Artificial neural networks (ANNs) attempt to replicate the remarkable efficiency of the biological brain for performing cognitive tasks such as learning, pattern recognition and classification. At the heart of any ANN is an artificial neuron whose transfer function mimics that of a biological neuron. One of the most widely used models of an artificial neuron with an output (y) and a transfer function (ƒ) can be written as y=ƒ(Σi wi xi+b) where, xi is an input to the neuron, wi is its corresponding synaptic weight, and b is a constant bias term. Thus, the two main computational units of the artificial neuron are weighted summation of inputs followed by a thresholding operation. Traditionally, ANNs have been implemented in software running on a Von-Neumann type general-purpose computer. The implementation of large scale ANNs on general purpose computers requires significant computational capability and consumes energy that is orders of magnitude larger than its biological counterpart. Recent developments in the field of neuromorphic computation attempt to bridge this gap by emulating artificial neurons using custom analog/digital CMOS circuits. However, the emulation of artificial neurons using CMOS circuits remains highly inefficient in terms of energy consumption and silicon area. The inefficiency in CMOS based ANNs arises due to the significant mismatch between the functionality of a biological neuron and the CMOS devices which are better suited for Boolean logic.
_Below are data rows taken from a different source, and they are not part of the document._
(* Using the principal branch of the square root, for $|z|<\ln 2$, \[ \sqrt{2e^{-z}-1}=\sum_{n=0}^{\infty}(-1)^{n+1}\Bigg[\sum_{k=0}^{n}(-1)^kS(n,k)(2k-3)!!\Bigg]\frac{z^n}{n!}, \] where $S(n,k)$ are the Stirling numbers of the second kind.
   Context: $S(n,k)$ is defined by $\frac{(e^x-1)^k}{k!}=\sum_{n\ge k}S(n,k)\frac{x^n}{n!}$, so $S(0,0)=1$ and $S(n,0)=0$ for $n\ge1$. Double factorials: $(2j-1)!!=1\cdot3\cdots(2j-1)$ for $j\ge1$. For negative odd integers, $[-(2k+1)]!!=\frac{(-1)^k}{(2k-1)!!}$ for $k\ge0$, so $(-1)!!=1$ and $(-3)!!=-1$. *)

From Stdlib Require Import Reals ZArith.
From Coquelicot Require Import Coquelicot.
Open Scope R_scope.

Fixpoint stirling2 (n k : nat) : nat :=
  match n, k with
  | O, O => 1%nat
  | O, S _ => 0%nat
  | S _, O => 0%nat
  | S n', S k' => ((S k') * stirling2 n' (S k') + stirling2 n' k')%nat
  end.

(* (2j-1)!! = 1*3*...*(2j-1), with (-1)!! = 1 for j = 0 (empty product). *)
Fixpoint odd_dfact (j : nat) : R :=
  match j with
  | O => 1
  | S j' => INR (2 * j' + 1) * odd_dfact j'
  end.

(* Double factorial of an odd integer m (value irrelevant for even m):
   m = 2j-1 >= -1  gives (2j-1)!!,
   m = -(2k+1) gives (-1)^k / (2k-1)!!   (so (-1)!! = 1, (-3)!! = -1). *)
Definition dfact_odd (m : Z) : R :=
  if (0 <=? m)%Z then odd_dfact (Z.to_nat ((m + 1) / 2))
  else let k := Z.to_nat ((- m - 1) / 2) in (-1) ^ k / odd_dfact k.

Definition Cexp (z : C) : C := (exp (Re z) * cos (Im z), exp (Re z) * sin (Im z)).

(* Principal branch of the square root: for w = a + ib,
   sqrt w = sqrt((|w|+a)/2) + i sgn(b) sqrt((|w|-a)/2), with sgn(b) = 1 for b >= 0,
   -1 for b < 0; i.e. Re >= 0, and Im >= 0 when Re = 0 (argument in (-pi/2, pi/2]). *)
Definition Csqrt (w : C) : C :=
  (sqrt ((Cmod w + Re w) / 2),
   (if Rle_dec 0 (Im w) then 1 else -1) * sqrt ((Cmod w - Re w) / 2)).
Therefore, improvements are needed in the field.
The present disclosure provides an electronic neuron device that includes a thresholding unit which utilizes current-induced spin-orbit torque (SOT). A two-step switching scheme is implemented with the device. In the first step, a charge current through heavy metal (HM) places the magnetization of a nano-magnet along the hard-axis (i.e. an unstable point for the magnet). In the second step, the device receives a current (from an electronic synapse) which moves the magnetization from the unstable point to one of the two stable states. The polarity of the net synaptic current determines the final orientation of the magnetization. A resistive crossbar array may also be provided which functions as the synapse generating a bipolar current that is a weighted sum of the inputs of the device.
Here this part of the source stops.